Fifty years ago this week, the remnants of Hurricane Agnes drifted north through the Susquehanna River basin as a tropical storm and saturated the entire watershed with wave after wave of torrential rains. The storm caused catastrophic flooding along the river’s main stem and along many major tributaries. The nuclear power station at Three Mile Island, then under construction, received its first major flood. Here are some photos taken during the climax of that flood on June 24, 1972. The river stage as measured just upstream of Three Mile Island at the Harrisburg gauge crested at 33.27 feet, more than 10 feet above flood stage and almost 30 feet higher than the stage at present. At Three Mile Island and Conewago Falls, the river was receiving additional flow from the raging Swatara Creek, which drains much of the anthracite coal region of eastern Schuylkill County—where rainfall from Agnes may have been the heaviest.
Pictures capture just a portion of the experience of witnessing a massive flood. Sometimes the sounds and smells of the muddy torrents tell us more than photographs can show.

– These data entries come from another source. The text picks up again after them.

(* Let $c \ge 1$ be an integer, let $m = 5c$, and let $f(x) = x^{5c} + x^{3c} + x^{2c} + x^{c} + 1 \in \mathbb{F}_2[x]$. There is a fixed, input-independent straight-line program using no AND operations and exactly $12c - 1 = \frac{12}{5}m - 1$ two-input XOR operations which, on input the coefficient bits $d_0,\dots,d_{2m-2}$ of an arbitrary polynomial $D(x)=\sum_{i=0}^{2m-2} d_i x^i \in \mathbb{F}_2[x]$ of degree at most $2m-2$, outputs the $m$ coefficient bits of the remainder of $D$ upon division by $f$.
   Context: A straight-line program over $\mathbb{F}_2$ here is a sequence of gates, each computing the XOR (sum in $\mathbb{F}_2$) of two values that are either input bits or outputs of earlier gates; each output bit is an input bit or a gate output. The number of XOR operations is the number of gates. *)

From HB Require Import structures.
From mathcomp Require Import all_boot all_order all_algebra.
Set Implicit Arguments. Unset Strict Implicit. Unset Printing Implicit Defensive.
Import GRing.Theory.
Local Open Scope ring_scope.

(* A straight-line program over F_2 with XOR gates only.
   Wires are numbered: 0 .. nin-1 are the input bits, nin + k is the output
   of gate k.  Gate k is a pair (a, b) of wire indices, computing the XOR
   (sum in F_2) of wires a and b; well-formedness requires a, b < nin + k
   (inputs or earlier gates). *)
Record slp := SLP { slp_nin : nat; slp_gates : seq (nat * nat); slp_outs : seq nat }.

Definition slp_wf (P : slp) : bool :=
  [&& all (fun k => ((nth (0,0)%N (slp_gates P) k).1 < slp_nin P + k)%N
                && ((nth (0,0)%N (slp_gates P) k).2 < slp_nin P + k)%N)
          (iota 0 (size (slp_gates P)))
    & all (fun o => (o < slp_nin P + size (slp_gates P))%N) (slp_outs P)].

Definition slp_xors (P : slp) : nat := size (slp_gates P).

Definition slp_wires (P : slp) (inp : seq 'F_2) : seq 'F_2 :=
  foldl (fun vals (g : nat * nat) => rcons vals (nth 0 vals g.1 + nth 0 vals g.2))
        inp (slp_gates P).

Definition slp_eval (P : slp) (inp : seq 'F_2) : seq 'F_2 :=
  map (nth 0 (slp_wires P inp)) (slp_outs P).

Definition pent (c : nat) : {poly 'F_2} :=
  'X^(5 * c) + 'X^(3 * c) + 'X^(2 * c) + 'X^c + 1.

From HB Require Import structures.
From mathcomp Require Import all_boot all_order all_algebra.
From mathcomp Require Import zify ring.

(* Cut D into ten blocks of c coefficients, D = sum_(j < 10) B_j y^j with
   y = x^c, so that f = y^5 + y^3 + y^2 + y + 1.  Over F_2 each y^j, j < 10,
   reduces modulo f to a sum of powers y^k with k < 5, hence
   D mod f = sum_(k < 5) R_k y^k where every R_k is a sum of blocks B_j and
   has degree < c.  Coefficient t of R_k is therefore the XOR of the bits
   e_j = d_(j c + t) over the relevant j, and the five XORs of one column t
   cost 12 gates once e_5 + e_6 and e_7 + e_9 are shared.  In the last column
   the bit e_9 = d_(10 c - 1) does not exist, which saves the gate for
   e_7 + e_9. *)

Set Implicit Arguments.
Unset Strict Implicit.
Unset Printing Implicit Defensive.

Import GRing.Theory.
Local Open Scope ring_scope.

Lemma size_slp_wires P inp : size (slp_wires P inp) = (size inp + slp_xors P)%N.
Proof.
rewrite /slp_wires /slp_xors; elim: (slp_gates P) inp => [|g gs IH] inp /=.
  by rewrite addn0.
by rewrite IH size_rcons addSnnS.
Qed.

Lemma nth_slp_wires_input P inp i :
  (i < size inp)%N -> nth 0 (slp_wires P inp) i = nth 0 inp i.
Proof.
rewrite /slp_wires; elim: (slp_gates P) inp => [|g gs IH] inp //= lt_i.
by rewrite IH ?size_rcons 1?ltnW // nth_rcons lt_i.
Qed.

Aside from the booming noise of the fuel tank banging along the rails of the south bridge, there was the persistent roar of floodwaters, at the rate of hundreds of thousands of cubic feet per second, tumbling through Conewago Falls on the downstream side of the island. The sound of the rapids during a flood can at times carry for more than two miles. It’s a sound that has accompanied the thousands of floods that have shaped the falls and its unique diabase “pothole rocks” using abrasives that are suspended in silty waters after being eroded from rock formations in the hundreds of square miles of drainage basin upstream. This natural process, the weathering of rock and the deposition of the material closer to the coast, has been the prevailing geologic cycle in what we now call the Lower Susquehanna River Watershed since the end of the Triassic Period, more than two hundred million years ago.
More than the sights and sounds, it was the smell of the Agnes flood that warned witnesses of the dangers of the non-natural, man-made contamination—the pollution—in the waters then flowing down the Susquehanna.
Because they float, gasoline and other fuels leaked from flooded vehicles, storage tanks, and containers were most apparent. The odor of their vapors was widespread along not only along the main stem of the river, but along most of the tributaries that at any point along their course passed through human habitations.
Blended with the strong smell of petroleum was the stink of untreated excrement. Flooded treatment plants, collection systems overwhelmed by stormwater, and inundated septic systems all discharged raw sewage into the river and many of its tributaries. This untreated wastewater, combined with ammoniated manure and other farm runoff, gave a damaging nutrient shock to the river and Chesapeake Bay.
Adding to the repugnant aroma of the flood was a mix of chemicals, some percolated from storage sites along watercourses, and yet others leaking from steel drums seen floating in the river. During the decades following World War II, stacks and stacks of drums, some empty, some containing material that is very dangerous, were routinely stored in floodplains at businesses and industrial sites throughout the Susquehanna basin. Many were lifted up and washed away during the record-breaking Agnes flood. Still others were “allowed” to be carried away by the malicious pigs who see a flooding stream as an opportunity to “get rid of stuff”. Few of these drums were ever recovered, and hundreds were stranded along the shoreline and in the woods and wetlands of the floodplain below Conewago Falls. There, they rusted away during the next three decades, some leaking their contents into the surrounding soils and waters. Today, there is little visible trace of any.
During the summer of ’72, the waters surrounding Three Mile Island were probably viler and more polluted than at any other time during the existence of the nuclear generating station there. And little, if any of that pollution originated at the facility itself.
The Susquehanna’s floodplain and water quality issues that had been stashed in the corner, hidden out back, and swept under the rug for years were flushed out by Agnes, and she left them stuck in the stinking mud.